Por fim, a função poética consiste na produção de determinados efeitos de sentido por meio da mensagem e de sua forma. De maneira mais clara, Jakobson (1969) explicou que, no processo verbal, o falante seleciona as palavras que deseja utilizar e depois as combina de acordo com as regras sintáticas de sua língua. Assim, mensagens caracterizadas por rimas, jogos de palavras, repetição de fonemas, entre outros processos estilísticos possuem função poética, já que demonstram um trabalho cuidadoso com as palavras, como você pode observar no poema No meio do caminho, de Carlos Drummond de Andrade (2013, p. 36).
“No meio do caminho tinha uma pedra
tinha uma pedra no meio do caminho
tinha uma pedra
no meio do caminho tinha uma pedra.
Nunca me esquecerei desse acontecimento
na vida de minhas retinas tão fatigadas.
Nunca me esquecerei que no meio do caminho
tinha uma pedra
tinha uma pedra no meio do caminho
no meio do caminho tinha uma pedra.”
 
É relevante destacar que a função poética não é exclusiva dos textos literários. Vários textos de circulação social são elaborados a partir de figuras de linguagem e jogos de palavras, como é o caso do slogan do medicamento Doril: “Tomou Doril, a dor sumiu”, cuja escolha de palavras ocorreu por meio da semelhança sonora.

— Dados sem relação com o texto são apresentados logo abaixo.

Lemma char_poly_trmx (F : fieldType) n (A : 'M[F]_n) : char_poly A^T = char_poly A.
Proof.
rewrite /char_poly -det_tr; congr (\det _); apply/matrixP => i j.
by rewrite !mxE eq_sym.
Qed.

(* A left eigenvector v of A for z gives z^k v_i = sum_j v_j (A^k)_ij;
   take i maximizing |v_i|. *)
Lemma char_root_row_sum_lower n (A : 'M[C]_n) z : z \in char_roots A ->
  exists i, forall k, normc z ^+ k <= \sum_j normc ((A ^+ k) i j).
Proof.
case: n A => [|n] A z_root.
  move: z_root; rewrite -root_prod_XsubC -char_poly_roots /char_poly det_mx00.
  by rewrite (negbTE (root1 _)).
have /eigenvalueP [v v_eigen v_neq0] : eigenvalue A^T z.
  by rewrite eigenvalue_root_char char_poly_trmx char_poly_roots root_prod_XsubC.
have v_eigenX k : v *m (A ^+ k)^T = z ^+ k *: v.
  elim: k => [|k IH]; first by rewrite expr0 trmx1 mulmx1 expr0 scale1r.
  by rewrite exprSr -mulmxE trmx_mul mulmxA v_eigen -scalemxAl IH scalerA -exprS.
pose i := [arg max_(i > ord0) normc (v 0 i)]%O.
have v_le_vi j : normc (v 0 j) <= normc (v 0 i).
  by rewrite /i; case: arg_maxP => // i0 _; apply.
have vi_gt0 : 0 < normc (v 0 i).
  have [j vj_neq0] : exists j, v 0 j != 0.
    apply/existsP; apply: contraR v_neq0; rewrite negb_exists => /forallP v0.
    by apply/eqP/matrixP => a b; rewrite (ord1 a) mxE; apply/eqP/negPn/v0.
  apply: lt_le_trans (v_le_vi j); rewrite lt_neqAle normc_ge0 andbT eq_sym.
  by apply: contra vj_neq0 => /eqP /ComplexField.Normc.eq0_normc ->.
exists i => k; rewrite -(ler_pM2r vi_gt0) -normcX -ComplexField.Normc.normcM.
have -> : z ^+ k * v 0 i = \sum_j v 0 j * (A ^+ k) i j.
  have := congr1 (fun u : 'rV[C]_n.+1 => u 0 i) (v_eigenX k); rewrite !mxE => <-.
  by apply: eq_bigr => j _; rewrite mxE.
apply: le_trans (ler_normc_sum _ _) _; rewrite mulr_suml; apply: ler_sum => j _.
by rewrite ComplexField.Normc.normcM mulrC ler_wpM2l ?normc_ge0.
Qed.

End SpectralBounds.

Lemma uniform_bound (R : realDomainType) (I : finType) (P : pred I)
    (F : I -> nat -> R) (g : nat -> R) :
  (forall k, 0 <= g k) -> (forall i, P i -> exists K, forall k, F i k <= K * g k) ->
  exists2 K, 0 <= K & forall i k, P i -> F i k <= K * g k.
Proof.
move=> g_ge0 boundF.
have /boolp.choice [K FK] : forall i, exists K, P i -> forall k, F i k <= K * g k.
  move=> i; have [/boundF [K FK]|_] := boolP (P i); first by exists K.
  by exists 0.
exists (\sum_i `|K i|); first exact: sumr_ge0.
move=> i k Pi; apply: le_trans (FK i Pi k) _; apply: ler_wpM2r => //.
apply: le_trans (ler_norm _) _.
by rewrite (bigD1 i) //= lerDl sumr_ge0.
Qed.

Section GrowthRate.
Variable R : realType.

Lemma eventually_le_mulrn (a e : R) : 0 < e -> exists N, forall k, (N <= k)%N -> a <= e * k%:R.
Proof.
move=> e_gt0; exists (Num.truncn (a / e)).+1 => k k_ge.
have a_lt := truncnS_gt (a / e).
have k_ge' : ((Num.truncn (a / e)).+1%:R : R) <= k%:R by rewrite ler_nat.
by rewrite mulrC -ler_pdivrMr //; lra.
Qed.

Lemma growth_rate_ub (w : nat -> R) (K nu e : R) :
  1 <= nu -> 0 < e -> (forall k, w k <= K * nu ^+ k) ->
  exists N, forall k, (N <= k)%N -> k%:R^-1 * ln (w k) <= ln nu + e.
Proof.
move=> nu_ge1 e_gt0 wK; have nu_gt0 : 0 < nu by apply: lt_le_trans nu_ge1.
pose K' := `|K| + 1; have K'_ge1 : 1 <= K' by rewrite lerDr.
have [N lnK'] := eventually_le_mulrn (ln K') e_gt0.
exists (maxn N 1) => k; rewrite geq_max => /andP [kN k_gt0].
rewrite ler_pdivrMl ?ltr0n //.
have [w_le0|w_gt0] := leP (w k) 0.
  by rewrite ln0 // mulr_ge0 ?ler0n // addr_ge0 ?ln_ge0 // ltW.
have w_le : w k <= K' * nu ^+ k.
  apply: le_trans (wK k) _; apply: ler_wpM2r; first by rewrite exprn_ge0 ?ltW.
  by apply: le_trans (ler_norm _) _; rewrite lerDl.
have K'_gt0 : 0 < K' by apply: lt_le_trans K'_ge1.
apply: le_trans (_ : ln (K' * nu ^+ k) <= _).
  by rewrite ler_ln ?posrE ?mulr_gt0 ?exprn_gt0.
rewrite lnM ?posrE ?exprn_gt0 // lnXn // -mulr_natl.
by have := lnK' k kN; lra.
Qed.

Lemma growth_rate_lb (w : nat -> R) (c mu e : R) (d : nat) :
  0 < c -> 1 <= mu -> 0 < e ->
  (forall k, (d <= k)%N -> w k != 0 -> c * mu ^+ (k - d) <= w k) ->
  (forall k, (d <= k)%N -> w k = 0 -> mu = 1) ->
  exists N, forall k, (N <= k)%N -> ln mu - e <= k%:R^-1 * ln (w k).
Proof.
move=> c_gt0 mu_ge1 e_gt0 w_ge w_eq0; have mu_gt0 : 0 < mu by apply: lt_le_trans mu_ge1.
have [N lnc] := eventually_le_mulrn (d%:R * ln mu - ln c) e_gt0.
exists (maxn N (maxn d 1)) => k; rewrite !geq_max => /and3P [kN kd k_gt0].
rewrite ler_pdivlMl ?ltr0n //.
have [w0|w_neq0] := eqVneq (w k) 0.
  by rewrite (w_eq0 k kd w0) ln1 w0 ln0 // sub0r mulrN oppr_le0 mulr_ge0 ?ler0n ?ltW.
have pos : 0 < c * mu ^+ (k - d) by rewrite mulr_gt0 // exprn_gt0.
apply: le_trans (_ : ln (c * mu ^+ (k - d)) <= _); last first.
  by rewrite ler_ln ?posrE ?w_ge // (lt_le_trans pos (w_ge k kd w_neq0)).
rewrite lnM ?posrE ?exprn_gt0 // lnXn // -[ln mu *+ _]mulr_natr natrB //.
by have := lnc k kN; lra.
Qed.

(* Since ln 0 = 0, vanishing terms are compatible with the limit only when ln mu = 0. *)
Lemma cvg_growth_rate (w : nat -> R) (c mu : R) (d : nat) :
  1 <= mu -> 0 < c ->
  (forall nu, mu < nu -> exists K, forall k, w k <= K * nu ^+ k) ->
  (forall k, (d <= k)%N -> w k != 0 -> c * mu ^+ (k - d) <= w k) ->
  (forall k, (d <= k)%N -> w k = 0 -> mu = 1) ->
  ((fun k => k%:R^-1 * ln (w k)) @ \oo --> ln mu)%classic.
Proof.
move=> mu_ge1 c_gt0 w_le w_ge w_eq0; apply/cvgrPdist_le => e e_gt0.
have mu_gt0 : 0 < mu by apply: lt_le_trans mu_ge1.
have e2_gt0 : 0 < e / 2 by rewrite divr_gt0.
pose nu := mu * expR (e / 2).
have ln_nu : ln nu = ln mu + e / 2 by rewrite lnM ?posrE ?expR_gt0 // expRK.
have nu_ge1 : 1 <= nu.
  by rewrite -[1]mulr1; apply: ler_pM => //; apply/ltW/pexpR_gt1.
have [|K wK] := w_le nu; first by rewrite ltr_pMr // pexpR_gt1.
have [N1 ub] := growth_rate_ub nu_ge1 e2_gt0 wK.
have [N2 lb] := growth_rate_lb c_gt0 mu_ge1 e_gt0 w_ge w_eq0.
exists (maxn N1 N2) => // k; rewrite /= geq_max => /andP [kN1 kN2].
rewrite distrC ler_distl lb //=; apply: le_trans (ub k kN1) _.
by rewrite ln_nu; lra.
Qed.

Lemma limn_esup_cvg (u : nat -> R) (l : R) :
  (u @ \oo --> l)%classic -> limn_esup (fun k => (u k)%:E) = l%:E.
Proof.
by move=> u_l; apply: (cvg_limn_einf_sup _).2; apply/fine_cvgP; split; [apply: nearW|].
Qed.

Lemma ler_ln_eq0_or_ge1 (a b : R) :
  a = 0 \/ 1 <= a -> b = 0 \/ 1 <= b -> a <= b -> ln a <= ln b.
Proof.
have ln_ge0_or_ge1 x : x = 0 \/ 1 <= x -> 0 <= ln x.
  by case=> [->|x_ge1]; [rewrite ln0 | apply: ln_ge0].
case=> [->|a_ge1] b_cases a_le_b; first by rewrite ln0 // ln_ge0_or_ge1.
have b_ge1 : 1 <= b by apply: le_trans a_le_b.
by rewrite ler_ln ?posrE ?(lt_le_trans ltr01).
Qed.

Ademais, vale destacar que a divisão em seis funções é meramente didática e analítica, mas na prática uma mesma mensagem tem mais de uma função, prevalecendo a que hierarquicamente predomina no texto como um todo. O conhecimento acerca das funções da linguagem configura-se como importante subsídio para as análises linguísticas realizadas, em especial, pelos teóricos funcionalistas.
Síntese
Concluímos a leitura introdutória sobre o conceito e o objeto de estudo da linguística: a linguagem humana e, mais especificamente, o sistema linguístico. Vimos que os estudos linguísticos são muito úteis para diversas áreas, como a psicologia, o direito e a linguística aplicada. Além disso, refletimos sobre os principais construtos teóricos, os quais fundamentam a ciência linguística e que serão de suma importância para seu desenvolvimento enquanto futuro profissional de Letras. Neste capítulo, você teve a oportunidade de:
Neste capítulo, você teve a oportunidade de:
· entender o que é a linguística, enquanto estudo científico da linguagem humana, e sua relação com outros estudos da linguagem;
· compreender o que é, para Saussure (2012), o signo linguístico e sua natureza: significante, significado, arbitrariedade, mutabilidade e imutabilidade;
· analisar a relação entre a linguagem e o mundo que ela simboliza, caracterizando-a como uma atividade essencialmente humana;
· compreender os modelos de comunicação e as funções da linguagem: emotiva, apelativa, referencial, fática, metalinguística e poética.